Menus dependent on a mouse and Javascript cannot be made accessible according to the standards. You can create landing pages for each subsection and thus making the navigation independent of scripts and mice, but this means you lose the benefit of an easily maintained navigation you wanted to achieve with the DHTML menu. DHTML menus that don't generate the link data but hide and show existing divs are even worse, as screen reader users or textbrowser users have to skip (or scan through them) without being able to use them
As handy as this way of navigation may appear to be at the first glance (easily maintained via text files, multilanguage in some cases), they have several drawbacks:
Take as an example a DHTML dropdown navigation 3 levels deep. You select the first level, the second, and the third and click on it. The page loads and when you want to go to the next sub-page in level 3, you'll need to repeat the whole process. There is no highlight in the navigation showing me where on level 3 I am right now. I need to add a different mean to the page design to show the user where he is, something the navigation should handle.
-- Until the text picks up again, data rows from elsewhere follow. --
(* As formal power series in $q$ whose coefficients are polynomials in $z$ (equivalently, as an identity of analytic functions for $|q|<1$ and $|z|$ sufficiently small), \[ \sum_{n=1}^{\infty} \frac{q^n}{(zq^n;q)_{n+1}\,(zq^{2n+2};q^2)_{\infty}} =\sum_{n=0}^{\infty} \frac{z^nq^{2n^2+2n+1}}{(q;q^2)_{n+1}\,(zq;q^2)_{n+1}}, \] and \[ \sum_{n=0}^{\infty} q^n\,(-zq^{n+1};q)_{n}\,(-zq^{2n+2};q^2)_{\infty} =\sum_{n=0}^{\infty} \frac{z^n q^{n^2+n}}{(q;q^2)_{n+1}}. \]
   Context: For $a$ and $q$, $(a;q)_0:=1$, $(a;q)_n:=(1-a)(1-aq)\cdots(1-aq^{n-1})$ for $n\ge1$, and $(a;q)_\infty:=\lim_{n\to\infty}(a;q)_n$ for $|q|<1$. *)

From Stdlib Require Import Reals.
From Coquelicot Require Import Coquelicot.

Open Scope C_scope.

Fixpoint cpow (x : Complex.C) (n : nat) : Complex.C :=
  match n with
  | O => RtoC 1
  | S m => Cmult x (cpow x m)
  end.

(* finite q-Pochhammer symbol (a;q)_n = (1-a)(1-aq)...(1-aq^(n-1)) *)
Fixpoint qpoch (a q : Complex.C) (n : nat) : Complex.C :=
  match n with
  | O => RtoC 1
  | S m => Cmult (qpoch a q m) (Cminus (RtoC 1) (Cmult a (cpow q m)))
  end.

Definition is_qpoch_inf (a q P : Complex.C) : Prop :=
  filterlim (fun n => qpoch a q n) eventually (locally P).

Definition qpoch_inf (a q : Complex.C) : Complex.C :=
  @lim C_CompleteNormedModule (filtermap (fun n => qpoch a q n) eventually).

From Stdlib Require Import Reals Lra Lia.
From Coquelicot Require Import Coquelicot.
Open Scope C_scope.

(* Fix q with |q| < 1 and view each side of an identity as a function of z on the disk
   |z| < 1/2, where every q-Pochhammer factor is bounded and bounded away from 0.
   Termwise recurrences show that the right-hand sides R1, R2 solve the first-order
   q-difference equations
     (1 - zq) R1(z) - q R1(zq^2) = q,        R2(z) - q (1 + zq) R2(zq^2) = 1,
   while the left-hand sides solve the second-order equations obtained by subtracting each
   equation at z and at zq^2; for them the relevant combination of summands telescopes
   against an explicit rational certificate.  Both sides are Lipschitz at z = 0 with the same
   value there.  For such a solution F of the second-order equation, the defect of the
   first-order equation is invariant under z -> zq^2 and vanishes at 0, so it vanishes; then
   D = F - G solves the homogeneous first-order equation, whose coefficients make |D|
   non-decreasing along z, zq^2, zq^4, ... near 0, and the Lipschitz bound at 0 forces D = 0. *)

Lemma Csub_0_r x : x - 0 = x.
Proof. ring. Qed.
(* Let $Q$ be a non-degenerate convex quadrangle of perimeter $2$. Then its dual quadrangle $Q^\circ$ is also convex.
   Context: Identify $\mathbb{R}^2$ with $\mathbb{C}$. A quadrangle $Q=ABCD$ is an ordered 4-tuple of points $A,B,C,D\in\mathbb{C}$: $A$ is the first vertex and the order $A\to B\to C\to D\to A$ is the direction of traversal. Its edge vectors are $z_1=B-A$, $z_2=C-B$, $z_3=D-C$, $z_4=A-D$, so $z_1+z_2+z_3+z_4=0$; its perimeter is $|z_1|+|z_2|+|z_3|+|z_4|$. $Q$ is non-degenerate if each pair of consecutive edge vectors $(z_1,z_2),(z_2,z_3),(z_3,z_4),(z_4,z_1)$ consists of nonzero, non-collinear vectors. A non-degenerate quadrangle is self-intersecting if one of the pairs of opposite edges (segments $AB$ and $CD$, or $BC$ and $DA$) intersect; it is convex if it is not self-intersecting and all its interior angles are less than $\pi$; it is non-convex if it is neither self-intersecting nor convex. Associated plane: for a non-degenerate $Q$ of perimeter $2$, choose $u_1,\dots,u_4\in\mathbb{C}$ with $u_k^2=z_k$, where $u_1$ is an arbitrary square root of $z_1$ and for $k=1,2,3$ the sign of $u_{k+1}$ is chosen so that $\operatorname{Im}(\overline{u_k}u_{k+1})$ has the same sign as $\operatorname{Im}(\overline{z_k}z_{k+1})$. Write $u_k=a_k+i b_k$ and $\bar a=(a_1,a_2,a_3,a_4)$, $\bar b=(b_1,b_2,b_3,b_4)$; these are orthonormal in $\mathbb{R}^4$. Let $\Pi=\operatorname{span}(\bar a,\bar b)$ and $\Pi^\perp$ its orthogonal complement. Dual quadrangle: choose an orthonormal basis $(\bar c,\bar d)$ of $\Pi^\perp$, put $w_k=(c_k+i d_k)^2$; then $\sum_k w_k=0$ and $\sum_k|w_k|=2$. The dual quadrangle $Q^\circ=KLMN$ is the quadrangle with $L-K=w_1$, $M-L=w_2$, $N-M=w_3$, $K-N=w_4$. It is determined up to rotation, reflection and translation. *)

(* classical reals. C is identified with R^2 = R * R. *)
From Stdlib Require Import Reals.
Open Scope R_scope.
Lemma gauss_law_itvNy_ge (mean s b t q : R) : 0 <= s -> 0 < t -> q <= Phi t ->
  mean + t * s <= b -> (q%:E <= gauss_law mean (s ^+ 2) `]-oo, b])%E.
Proof.
move=> s_ge0 t_gt0 q_le margin; rewrite /gauss_law sqrf_eq0.
have [s0|s_neq0] := eqVneq s 0.
  rewrite indicE mem_set; first by rewrite lee_fin (le_trans q_le (Phi_le1 _)).
  by rewrite /= in_itv /=; move: margin; rewrite s0 mulr0 addr0.
have s_gt0 : 0 < s by rewrite lt_neqAle eq_sym s_neq0.
rewrite sqrtr_sqr ger0_norm // normal_prob_itvNy // lee_fin.
by apply: (le_trans q_le); apply: Phi_nondecreasing; rewrite ler_pdivlMr //; lra.
Qed.

Lemma sqrtm_quad_form {N : nat} {M S : 'M[R]_N} (r : 'rV[R]_N) :
  is_sqrtm M S -> (r *m M *m r^T) 0 0 = norm2 (r *m S) ^+ 2.
Proof.
move=> [[S_sym _] <-].
rewrite [_ *m r^T](_ : _ = (r *m S) *m (r *m S)^T); last first.
  by rewrite trmx_mul S_sym !mulmxA.
rewrite /norm2 sqr_sqrtr; last by apply: sumr_ge0 => i _; exact: sqr_ge0.
by rewrite mxE; apply: eq_bigr => i _; rewrite expr2 [X in _ * X]mxE.
Qed.

Context {d : measure_display} {T : measurableType d} {P : probability T R}.
Context {N : nat} {Z : T -> 'cV[R]_N} {mu : 'cV[R]_N} {M : 'M[R]_N}.
Hypothesis gaussZ : gaussian_vec P Z mu M.

Lemma gaussian_vec_measurable_le (r : 'rV[R]_N) (b : R) :
  measurable [set w | (r *m Z w) 0 0 <= b].
Proof.
have [rZ_mfun _] := gaussZ r^T; rewrite trmxK in rZ_mfun.
rewrite -preimage_itvNyc -[X in measurable X]setTI.
exact: rZ_mfun measurableT _ (measurable_itv _).
Qed.

Lemma gaussian_vec_prob_le {S : 'M[R]_N} (r : 'rV[R]_N) (b t q : R) :
  is_sqrtm M S -> 0 < t -> q <= Phi t ->
  (r *m mu) 0 0 + t * norm2 (r *m S) <= b ->
  (q%:E <= P [set w | ((r *m Z w) 0 0 <= b)%R])%E.
Proof.
move=> sqrtS t_gt0 q_le margin.
have [_ lawZ] := gaussZ r^T; rewrite trmxK in lawZ.
rewrite -preimage_itvNyc lawZ; last exact: measurable_itv.
rewrite (sqrtm_quad_form r sqrtS).
exact: gauss_law_itvNy_ge (sqrtr_ge0 _) t_gt0 q_le margin.
Qed.

End gaussian_halfline.

Lemma mulmxDr_entry {R : pzRingType} {p : nat} (h : 'rV[R]_p) (X Y : 'cV[R]_p) :
  (h *m (X + Y)) 0 0 = (h *m X) 0 0 + (h *m Y) 0 0.
Proof. by rewrite mulmxDr !mxE. Qed.
(* If a, b, c are connected by a symmetric relation, then a and b cannot only be
   adjacent to each other: some neighbour p of a and q of b avoid (p, q) = (b, a). *)
Lemma anchor_neighbours (T : finType) (r : rel T) a b c : symmetric r ->
  connect r a b -> connect r a c -> a != b -> c != a -> c != b ->
  exists p q, r a p /\ r b q /\ ~ (p = b /\ q = a).
Proof.
move=> sym_r ab ac nab nca ncb.
have [p ap] := connect_neighbour ab nab.
have [q bq] : exists q, r b q.
  by apply: (connect_neighbour (b := a)); rewrite 1?eq_sym // (sym_connect_sym sym_r).
have [/existsP[p' /andP[ap' p'b]] | /existsPn onlyb] := boolP [exists p', r a p' && (p' != b)].
  by exists p', q; do 2!split=> //; case=> /eqP; rewrite (negbTE p'b).
have [/existsP[q' /andP[bq' q'a]] | /existsPn onlya] := boolP [exists q', r b q' && (q' != a)].
  by exists p, q'; do 2!split=> //; case=> _ /eqP; rewrite (negbTE q'a).
have stay x y : r x y -> x \in [set a; b] -> y \in [set a; b].
  rewrite !inE => xy /orP[]/eqP ex; subst x.
    by move: (onlyb y); rewrite xy negbK => ->; rewrite orbT.
  by move: (onlya y); rewrite xy negbK => ->.
have closed_ab : closed r [set a; b].
  move=> x y xy; apply/idP/idP; first exact: stay.
  by apply: stay; rewrite sym_r.
move: (closed_connect closed_ab ac); rewrite !inE eqxx /= => /esym/orP[]/eqP ec.
  by rewrite ec eqxx in nca.
by rewrite ec eqxx in ncb.
Qed.
Arguments hom {C} X Y : rename.
Arguments comp {C X Y Z} f g : rename.
Arguments idm {C} X : rename.
Arguments bip {C} X Y : rename.
Arguments bi1 {C X Y} : rename.
Arguments bi2 {C X Y} : rename.
Arguments bp1 {C X Y} : rename.
Arguments bp2 {C X Y} : rename.
Arguments kerO {C X Y} f : rename.
Arguments kerI {C X Y} f : rename.
Arguments kerLift {C X Y} f {W} g : rename.
Arguments cokO {C X Y} f : rename.
Arguments cokP {C X Y} f : rename.
Arguments cokDesc {C X Y} f {W} g : rename.

Section Defs.
Variable C : abcat.

Definition is_mono {X Y : C} (m : hom X Y) :=
  forall W (g : hom W X), comp m g = 0 -> g = 0.
Definition is_epi {X Y : C} (e : hom X Y) :=
  forall W (g : hom Y W), comp g e = 0 -> g = 0.
Definition is_iso {X Y : C} (f : hom X Y) :=
  exists g : hom Y X, comp g f = idm X /\ comp f g = idm Y.

Definition pairm {W X Y : C} (f : hom W X) (g : hom W Y) : hom W (bip X Y) :=
  comp bi1 f + comp bi2 g.
Definition copairm {W X Y : C} (f : hom X W) (g : hom Y W) : hom (bip X Y) W :=
  comp f bp1 + comp g bp2.

(* D = (F_L --(a_L,b_L)--> A (+) B --(a_R,b_R)--> F_R) *)
Record diad := Diad {
  dFL : C; dA : C; dB : C; dFR : C;
  daL : hom dFL dA; dbL : hom dFL dB;
  daR : hom dA dFR; dbR : hom dB dFR }.

Definition Lmap (D : diad) := pairm (daL D) (dbL D).
Definition Rmap (D : diad) := copairm (daR D) (dbR D).

Definition is_diad (D : diad) :=
  [/\ comp (Rmap D) (Lmap D) = 0, is_mono (daL D) & is_epi (daR D)].

Definition diad_mor_comm (D D' : diad) (fL : hom (dFL D) (dFL D'))
  (fA : hom (dA D) (dA D')) (fB : hom (dB D) (dB D')) (fR : hom (dFR D) (dFR D')) :=
  [/\ comp fA (daL D) = comp (daL D') fL, comp fB (dbL D) = comp (dbL D') fL,
      comp fR (daR D) = comp (daR D') fA & comp fR (dbR D) = comp (dbR D') fB].

Definition diad_iso (D D' : diad) :=
  exists fL fA fB fR, diad_mor_comm (D := D) (D' := D') fL fA fB fR /\
    [/\ is_iso fL, is_iso fA, is_iso fB & is_iso fR].

(* 0 -> F_- --(c_-,d1_-,d2_-)--> A (+) B1 (+) B2 --(c_+,d1_+,d2_+)--> F_+ -> 0 *)
Record triad := Triad {
  tFm : C; tA : C; tB1 : C; tB2 : C; tFp : C;
  tcm : hom tFm tA; td1m : hom tFm tB1; td2m : hom tFm tB2;
  tcp : hom tA tFp; td1p : hom tB1 tFp; td2p : hom tB2 tFp }.

Definition Tin (t : triad) : hom (tFm t) (bip (tA t) (bip (tB1 t) (tB2 t))) :=
  pairm (tcm t) (pairm (td1m t) (td2m t)).
Definition Tout (t : triad) : hom (bip (tA t) (bip (tB1 t) (tB2 t))) (tFp t) :=
  copairm (tcp t) (copairm (td1p t) (td2p t)).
A navigation should make it easy for you to navigate through the main sections of a web site and in the subsection the user is in.
The bigger the website is, the more you depend on a search or a sitemap to find your way around the site. You do not need to be able to access every part of the site from every page, this is what application design dictates, not web development. Furthermore, this is the job of a sitemap.
If a user journey requires cross-jumping in between main sections of the navigation, this is an indicator that there is something wrong with the usability or logic of the sitemap itself, nothing technology can fix.
As DHTML is not a specific science and sloppily implemented in loads of browsers, DHTML scripts need to be constantly tested and maintained to cater every new browser while at the same time ensure older browsers support them or degrade gracefully. It is a race, that cannot be easily won.
Search engines cannot follow links that are generated via Javascript. Google amongst others ranks pages by their number of links and connected documents.
A DHTML menu ensures that only the text of the first page gets spidered, all "deeper" data is lost.
The whole aspect about easy maintenance and globalisation of menus can be done in the backend the same way as it is implemented in Javascript in many DHTML menues.
A navigation generated by a server side language can be defined by a database and even allow for online editing. A parameter stored in a session or a cookie can define the language and which elements to be shown or hidden.
By defining the menu HTML once in a template and pulling the different languages from a database or XML files, easy maintenance of the menu system is given and there are no browser/accessibility problems.